Николай первым ступил на крыльцо, от ступенек которого остались лишь две черных доски, грозившие сломаться при любом неловком движении, и, остановившись перед дверью, толкнул ее (она оказалась незапертой), принюхался и закашлялся.
– Ну и духан. – Он побледнел и повернулся к коллеге. – Сережа, там жмур. Знакомый запашок. Причем жмур не первой свежести.
Осторожно, словно ожидая нападения, оперативники вошли в комнату и тут же, как по команде, задрали рубашки, соорудив подобие масок. Запах обрушился на них лавиной. Его источник лежал на полу в запекшейся, давно свернувшейся, почерневшей луже крови.
– На первый взгляд, ножевое. – Николай опасался подходить к покойнику. – В общем, вызываем нашего эксперта. Пусть разбирается, кто, где и когда. А потом мы позвоним Иванычу. Может быть, и он что-нибудь накопал в Ломоносове?

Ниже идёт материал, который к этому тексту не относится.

Definition displacement (x y : (V * 'rV[int]_d)%type) (s : V + 'I_d) : int :=
  match s with
  | inl v => (v == y.1)%:R - (v == x.1)%:R
  | inr j => y.2 0 j - x.2 0 j
  end.

Lemma walk_chain x y : clos_refl_sym_trans _ (periodic_adj src tgt tau) x y ->
  exists c, forall s, vmul incidence_index c s = displacement x y s.
Proof.
elim=> {x y} [x y [e [n [-> ->]]] | x | x y _ [c xy] | x y z _ [c xy] _ [c' yz]].
- exists [ffun e' => (e' == e)%:R] => s; rewrite ffunE.
  under eq_bigr do rewrite ffunE.
  by rewrite sum_delta_l; case: s => [v|j] //=; rewrite mxE addrAC subrr add0r.
- by exists 0 => s; rewrite vmul0 ffunE; case: s => [v|j]; rewrite /= subrr.
- by exists (- c) => s; rewrite vmulN ffunE xy; case: s => [v|j]; rewrite /= opprB.
- exists (c + c') => s; rewrite vmulD ffunE xy yz.
  by case: s => [v|j]; rewrite /= addrC addrA subrK.
Qed.

Hypothesis conn : periodic_connected src tgt tau.

Lemma periodic_connected_const (f : V -> int) :
  (forall e, f (src e) = f (tgt e)) -> forall v w, f v = f w.
Proof.
move=> f_edge v w.
suff: forall x y, clos_refl_sym_trans _ (periodic_adj src tgt tau) x y -> f x.1 = f y.1.
  by move/(_ (v, 0) (w, 0) (conn _ _)).
move=> x y; elim=> {x y} [x y [e [n [-> ->]]] | // | x y _ -> // | x y z _ -> _ -> //].
exact: f_edge.
Qed.

Hypothesis V_gt0 : (0 < #|V|)%N.

Lemma unit_index_cycle (j : 'I_d) :
  exists c, forall s, vmul incidence_index c s = (s == inr j)%:R.
Proof.
case/card_gt0P: V_gt0 => v0 _.
have [c walk] := walk_chain (conn (v0, 0) (v0, delta_mx 0 j)).
by exists c => s; rewrite walk; case: s => [v|j'] /=; rewrite ?subrr // !mxE subr0.
Qed.

Definition vertex_indicator : chain (V + 'I_d)%type :=
  [ffun s => if s is inl _ then 1 else 0].

Lemma vertex_indicator_neq0 : vertex_indicator != 0.
Proof.
case/card_gt0P: V_gt0 => v0 _.
by apply/eqP => /ffunP/(_ (inl v0)); rewrite !ffunE.
Qed.
Lemma lifted_config_bars d n m A l c p q N :
  (forall a b, (a <= d)%nat -> (b <= d)%nat -> A a b = A b a) ->
  (forall v, (v < n + m)%nat ->
     0 <= slack (S d) A l (class_sign n v) (hat d (join_config n p q v))) ->
  (forall v, (v < n + m)%nat -> (c v < N)%nat) ->
  (forall v w, (v < n)%nat -> (n <= w)%nat -> c v <> c w) ->
  forall i j, (i < n + m)%nat -> (j < n + m)%nat -> Knm_edge n m i j ->
    dist2 (S d + (S d + N)) (lifted_config d n A l c p q i) (lifted_config d n A l c p q j)
    = dist2 d (join_config n p q i) (join_config n p q j).
Proof.
  intros Hsym Hslack Hc Hsep.
  assert (Hbar : forall v w, (v < n)%nat -> (n <= w < n + m)%nat ->
    dist2 (S d + (S d + N)) (lifted_config d n A l c p q v) (lifted_config d n A l c p q w)
    = dist2 d (join_config n p q v) (join_config n p q w)).
  { intros v w Hv Hw.
    assert (Hsv : class_sign n v = 1)
      by (unfold class_sign; destruct (Nat.ltb_spec v n); [reflexivity | lia]).
    assert (Hsw : class_sign n w = -1)
      by (unfold class_sign; destruct (Nat.ltb_spec w n); [lia | reflexivity]).
    pose proof (Hslack v ltac:(lia)) as Hv'. pose proof (Hslack w ltac:(lia)) as Hw'.
    unfold lifted_config. rewrite Hsv, Hsw in *.
    rewrite dist2_lift_opposite;
      [ apply dist2_hat | intros; apply Hsym; lia | apply Hc; lia | apply Hc; lia
      | apply Hsep; lia | exact Hv' | exact Hw' ]. }
  intros i j Hi Hj [[Hi' Hj'] | [Hj' Hi']].
  - apply Hbar; lia.
  - rewrite dist2_sym, (dist2_sym d). apply Hbar; lia.
Qed.

Definition class_coord (n v : nat) : nat := if (v <? n)%nat then 0%nat else 1%nat.

Definition vertex_coord (v : nat) : nat := (v + 2)%nat.

Lemma lifted_config_class_gap d n A l p q N v w :
  (v < N)%nat -> (w < N)%nat -> v <> w -> (v <? n)%nat = (w <? n)%nat ->
  dist2 (S d + (S d + (N + 2))) (lifted_config d n A l (class_coord n) p q v)
                                (lifted_config d n A l (class_coord n) p q w)
    + 2 * sqrt (slack (S d) A l (class_sign n v) (hat d (join_config n p q v)))
        * sqrt (slack (S d) A l (class_sign n w) (hat d (join_config n p q w)))
  = dist2 (S d + (S d + (N + 2))) (lifted_config d n A l vertex_coord p q v)
                                  (lifted_config d n A l vertex_coord p q w).
Proof.
  intros Hv Hw Hvw Hclass. unfold lifted_config.
  assert (Hsign : class_sign n w = class_sign n v)
    by (unfold class_sign; rewrite Hclass; reflexivity).
  assert (Hcoord : class_coord n w = class_coord n v)
    by (unfold class_coord; rewrite Hclass; reflexivity).
  rewrite Hsign, Hcoord.
  apply dist2_lift_shared_separate;
    unfold class_coord, vertex_coord; [destruct (v <? n)%nat | ..]; lia.
Qed.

– Я почему-то не сомневаюсь, – ответил Морозов, обладавший, по мнению всего отдела, отменным чутьем. Если бы полицейским разрешали делать ставки, Сергей давно бы разбогател, выигрывая в казино огромные суммы. Однако пока талант пригождался ему только в раскрытии преступлений. Оба пулей вылетели из смрадной комнаты и с облегчением вдохнули свежий воздух. Заметив скамейку, когда-то зеленую, а теперь неопределенного цвета, скромно спрятавшуюся в бурьяне, друзья опустились на нее и позвонили сначала в отдел, потом Потапову.
Глава 25
Санкт-Петербург, 1898
Верный обещанию, Александр ждал ее на прежнем месте. Впервые за все время их бурных отношений Оленька опоздала, заставив его волноваться. Его богатое воображение уже рисовало картины ссоры с мужем, одна страшнее другой (правду ли сказал профессор, что смирился с уходом жены?), но Оленька внезапно выросла перед ним, такая же прекрасная, румяная, желанная, правда, с грустью в огромных черных глазах.
– Что случилось? – Он поцеловал ей руку, которую женщина тут же отдернула, словно обжегшись. – Прошу тебя, ничего от меня не скрывай. Что он тебе сделал?

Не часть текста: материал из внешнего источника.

Lemma limit_le u L P c N : Ccv u L -> (forall m, (m >= N)%nat -> Cmod (Csub (u m) P) <= c) ->
  Cmod (Csub L P) <= c.
Proof.
  intros Hcv Hb. apply Rle_plus_epsilon. intros eps He.
  destruct (Hcv eps He) as [N0 HN0]. specialize (HN0 (max N N0) ltac:(lia)).
  specialize (Hb (max N N0) ltac:(lia)).
  eapply Rle_trans; [apply (CmodB_tri _ _ (u (max N N0)))|]. rewrite CmodB_sym in HN0. lra.
Qed.

Lemma sum_term_le (f : nat -> R) n k : (forall i, 0 <= f i) -> (k <= n)%nat -> f k <= sum_f_R0 f n.
Proof.
  intros Hf Hk. induction n.
  - replace k with 0%nat by lia. simpl. lra.
  - rewrite tech5. pose proof (Hf (S n)). pose proof (cond_pos_sum f n Hf).
    destruct (Nat.eq_dec k (S n)) as [->|]; [lra|]. pose proof (IHn ltac:(lia)). lra.
Qed.

Lemma convergent_terms_bounded a z L : Ccv (Cpsum a z) L ->
  exists B, 0 <= B /\ forall n, Cmod (Cmul (a n) (Cpow z n)) <= B.
Proof.
  intro Hcv. destruct (Hcv 1 ltac:(lra)) as [N0 HN0].
  set (f k := Cmod (Cmul (a k) (Cpow z k))).
  assert (Hf : forall k, 0 <= f k) by (intro; apply Cmod_ge0).
  exists (2 + sum_f_R0 f N0). pose proof (cond_pos_sum f N0 Hf).
  split; [lra|]. intro n. fold (f n). destruct (Compare_dec.le_lt_dec n N0) as [Hn|Hn].
  - pose proof (sum_term_le f N0 n Hf Hn). lra.
  - destruct n as [|n]; [lia|].
    pose proof (HN0 (S n) ltac:(lia)). pose proof (HN0 n ltac:(lia)).
    change (f (S n)) with (Cmod (Cmul (a (S n)) (Cpow z (S n)))).
    replace (Cmul (a (S n)) (Cpow z (S n))) with
      (Csub (Csub (Cpsum a z (S n)) L) (Csub (Cpsum a z n) L)) by (rewrite Cpsum_S; ring).
    pose proof (CmodB (Csub (Cpsum a z (S n)) L) (Csub (Cpsum a z n) L)). lra.
Qed.

Lemma limit_tail a z F N B th : 0 <= B -> 0 <= th < 1 ->
  (forall k, Cmod (Cmul (a k) (Cpow z k)) <= B * th ^ k) ->
  Ccv (Cpsum a z) F -> Cmod (Csub F (Cpsum a z N)) <= B * th ^ S N / (1 - th).
Proof.
  intros HB Hth Hb Hcv. apply (limit_le _ _ _ _ N Hcv). intros m Hm.
  exact (partial_sum_tail a z m B th HB Hth (fun k _ => Hb k) N m ltac:(lia)).
Qed.

Lemma div_one_minus_le c th : 0 <= c -> 0 <= th <= 1/2 -> c / (1 - th) <= 2 * c.
Proof.
  intros Hc Hth. apply Rmult_le_reg_r with (1 - th); [lra|].
  unfold Rdiv. rewrite Rmult_assoc, Rinv_l by lra. nra.
Qed.

Lemma truncated_square_vs_limit a z F N B th : 0 <= B -> 0 <= th <= 1/2 ->
  (forall k, Cmod (Cmul (a k) (Cpow z k)) <= B * th ^ k) -> Ccv (Cpsum a z) F ->
  Cmod (Csub (csum (fun n => Cmul (cauchy_sq a n) (Cpow z n)) N) (Cmul F F))
    <= (12 + 2 * INR (S N)) * (B * B) * th ^ S N.
Proof.
  intros HB Hth Hb Hcv. set (P := Cpsum a z N).
  assert (Hpow : 0 <= th ^ S N <= 1) by (split; [apply pow_le | apply pow_le_one]; lra).
  assert (HFP : Cmod (Csub F P) <= 2 * (B * th ^ S N)).
  { eapply Rle_trans; [apply (limit_tail a z F N B th); auto; lra|].
    apply div_one_minus_le; [apply Rmult_le_pos|]; lra. }
  assert (HP : Cmod P <= 2 * B).
  { eapply Rle_trans; [apply (partial_sum_bound a z N B th HB ltac:(lra) (fun k _ => Hb k) N); lia|].
    apply div_one_minus_le; lra. }
  assert (Hrem : Cmod (square_rem a z N) <= 2 * INR (S N) * (B * B) * th ^ S N).
  { eapply Rle_trans; [apply (square_rem_bound a z N B th HB ltac:(lra) (fun k _ => Hb k))|].
    unfold square_error. pose proof (pos_INR (S N)).
    pose proof (div_one_minus_le (B * B * th ^ S N) th ltac:(apply Rmult_le_pos; nra) Hth).
    nra. }
  assert (Hsum : Cmod (Cadd (Cadd P P) (Csub F P)) <= 6 * B).
  { eapply Rle_trans; [apply CmodD|]. pose proof (CmodD P P). nra. }
  replace (csum (fun n => Cmul (cauchy_sq a n) (Cpow z n)) N) with (Csub (Cmul P P) (square_rem a z N))
    by (unfold P; rewrite partial_square; ring).
  replace (Csub (Csub (Cmul P P) (square_rem a z N)) (Cmul F F)) with
    (Csub (Copp (Cmul (Csub F P) (Cadd (Cadd P P) (Csub F P)))) (square_rem a z N)) by ring.
  eapply Rle_trans; [apply CmodB|]. rewrite CmodN, CmodM.
  assert (Cmod (Csub F P) * Cmod (Cadd (Cadd P P) (Csub F P)) <= 2 * (B * th ^ S N) * (6 * B))
    by (apply Rmult_le_compat; auto using Cmod_ge0).
  nra.
Qed.

Lemma Cpsum_zero e z n : (forall k, (k <= n)%nat -> e k = C0) -> Cpsum e z n = C0.
Proof.
  induction n as [|n IH]; intro He.
  - simpl. rewrite (He 0%nat) by lia. ring.
  - rewrite Cpsum_S, IH, (He (S n)); [ring | lia | intros; apply He; lia].
Qed.

Lemma Cpsum_leading e z n : (forall k, (k < n)%nat -> e k = C0) ->
  Cpsum e z n = Cmul (e n) (Cpow z n).
Proof.
  intro He. destruct n as [|n]; [reflexivity|].
  rewrite Cpsum_S, Cpsum_zero by (intros; apply He; lia). ring.
Qed.

(* Uniqueness of power-series coefficients: if every high enough partial sum of
   sum_n e_n x^n is O(x^{N+1}) as x -> 0+, all coefficients vanish. *)
Lemma coeffs_vanish (e : nat -> CC) (s : R) (N0 : nat) : 0 < s ->
  (forall N, (N0 <= N)%nat -> exists K, forall x, 0 < x <= s ->
     Cmod (Cpsum e (RtoC x) N) <= K * x ^ S N) ->
  forall n, e n = C0.
Proof.
  intros Hs HK n. induction n as [n IH] using Wf_nat.lt_wf_ind.
  set (N := max n N0). destruct (HK N ltac:(lia)) as [K HKx].
  set (C := sum_f_R0 (fun k => Cmod (e k)) N).
  assert (HC : 0 <= C) by (apply cond_pos_sum; intro; apply Cmod_ge0).
  apply Cmod_eq0, (le_small_eq0 _ (Rabs K + 2 * C) (Rmin s (1/2))); [apply Rmin_pos; lra | apply Cmod_ge0|].
  intros x [Hx0 Hx]. pose proof (Rmin_l s (1/2)). pose proof (Rmin_r s (1/2)).
  (* the terms of degree in (n, N] contribute O(x^{n+1}) *)
  assert (Htail : Cmod (Csub (Cpsum e (RtoC x) N) (Cpsum e (RtoC x) n)) <= 2 * (C * x ^ S n)).
  { eapply Rle_trans.
    - apply (partial_sum_tail e (RtoC x) N C x HC ltac:(lra)); [|lia].
      intros k Hk. rewrite Cmod_monomial by lra. apply Rmult_le_compat_r; [apply pow_le; lra|].
      apply (sum_term_le (fun k => Cmod (e k))); auto using Cmod_ge0.
    - apply div_one_minus_le; [apply Rmult_le_pos; [|apply pow_le]|]; lra. }
  assert (Hsum := HKx x ltac:(lra)).
  rewrite (Cpsum_leading e (RtoC x) n IH) in Htail.
  assert (Hlead : Cmod (e n) * x ^ n <= K * x ^ S N + 2 * (C * x ^ S n)).
  { rewrite <- Cmod_monomial by lra.
    replace (Cmul (e n) (Cpow (RtoC x) n)) with
      (Csub (Cpsum e (RtoC x) N) (Csub (Cpsum e (RtoC x) N) (Cmul (e n) (Cpow (RtoC x) n)))) by ring.
    eapply Rle_trans; [apply CmodB|]. lra. }
  assert (HKabs : K * x ^ S N <= Rabs K * x ^ S n).
  { pose proof (Rle_abs K). pose proof (Rabs_pos K). pose proof (pow_le x (S N) ltac:(lra)).
    pose proof (pow_decr x (S n) (S N) ltac:(lra) ltac:(lia)). nra. }
  assert (Hxn : 0 < x ^ n) by (apply pow_lt; lra).
  apply Rmult_le_reg_r with (x ^ n); [lra|]. simpl pow in *. nra.
Qed.

Lemma taylor_square_coeffs (F : CC -> CC) (a c : nat -> CC) (N0 : nat) :
  is_taylor_at0 F a ->
  (forall z N, (N0 <= N)%nat -> Cpsum c z N = Cmul (F z) (F z)) ->
  forall n, cauchy_sq a n = c n.
Proof.
  intros [rho [Hrho Hcv]] Hpoly. set (s := rho / 2).
  assert (Hs : 0 < s) by (unfold s; lra).
  destruct (convergent_terms_bounded a (RtoC s) _ (Hcv (RtoC s)
              ltac:(rewrite CmodR, Rabs_pos_eq; unfold s; lra))) as [B [HB HBn]].
  assert (Hvanish : forall n, Csub (cauchy_sq a n) (c n) = C0).
  { apply (coeffs_vanish _ (s / 2) N0); [lra|]. intros N HN.
    exists ((12 + 2 * INR (S N)) * (B * B) / s ^ S N). intros x Hx.
    set (th := x / s).
    assert (Hth : 0 <= th <= 1/2).
    { unfold th. split; [left; apply Rdiv_lt_0_compat|apply Rmult_le_reg_r with s]; try lra.
      unfold Rdiv. rewrite Rmult_assoc, Rinv_l; lra. }
    assert (Hscale : forall k, x ^ k = s ^ k * th ^ k).
    { intro k. rewrite <- Rpow_mult_distr. f_equal. unfold th. field. lra. }
    assert (Hterm : forall k, Cmod (Cmul (a k) (Cpow (RtoC x) k)) <= B * th ^ k).
    { intro k. specialize (HBn k). rewrite Cmod_monomial in HBn |- * by lra.
      rewrite Hscale, <- Rmult_assoc. apply Rmult_le_compat_r; [apply pow_le|]; lra. }
    replace (Cpsum (fun n => Csub (cauchy_sq a n) (c n)) (RtoC x) N) with
      (Csub (csum (fun n => Cmul (cauchy_sq a n) (Cpow (RtoC x) n)) N) (Cmul (F (RtoC x)) (F (RtoC x)))).
    2:{ rewrite <- (Hpoly (RtoC x) N HN), !Cpsum_csum, <- csum_sub. apply csum_ext. intros. ring. }
    eapply Rle_trans.
    - apply (truncated_square_vs_limit a (RtoC x) _ N B th HB Hth Hterm).
      apply Hcv. rewrite CmodR, Rabs_pos_eq; unfold s in Hx; lra.
    - rewrite Hscale. apply Req_le. field. apply pow_nonzero. lra. }
  intro n. replace (c n) with (Cadd (cauchy_sq a n) (Copp (Csub (cauchy_sq a n) (c n)))) by ring.
  rewrite Hvanish. ring.
Qed.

– Мне придется рассказать тебе правду. – Она вздохнула так тяжело, словно в ее семье произошло несчастье. – Александр, милый, я снова поговорила с Цабелем. Я говорила с ним и вчера, и сегодня, и… В общем, мой супруг, благороднейший человек, признался, что не только разорен, но и смертельно болен. Да, он отпускает меня на все четыре стороны, соглашается, чтобы я заплатила за дом, но как я могу покинуть его в такую минуту? – Она опустила глаза, ее длинные ресницы, загнутые кверху, трепетали. – Милый мой, хороший Алекс, надо подождать…
Молодой человек помрачнел, на лбу залегла глубокая, как колея, складка.
– Я думал, сегодня ты станешь моей, – пробурчал он. – И сколько, по-твоему, придется ждать?
Она насупилась:
– Ты желаешь его смерти?
– Нет, что ты. – Воронский испуганно махнул рукой. – Это было бы грешно. Просто я жажду тебя, дорогая. Хочешь, я продам все, что имею, оплачу его лечение, чтобы тебя не мучила совесть? Может быть, лучшие врачи поставят его на ноги, а мы уедем с чистой совестью.
Ольга покачала головой:
– Ничего ты не понимаешь, мой друг. В его последние минуты я должна быть рядом. И это не обсуждается.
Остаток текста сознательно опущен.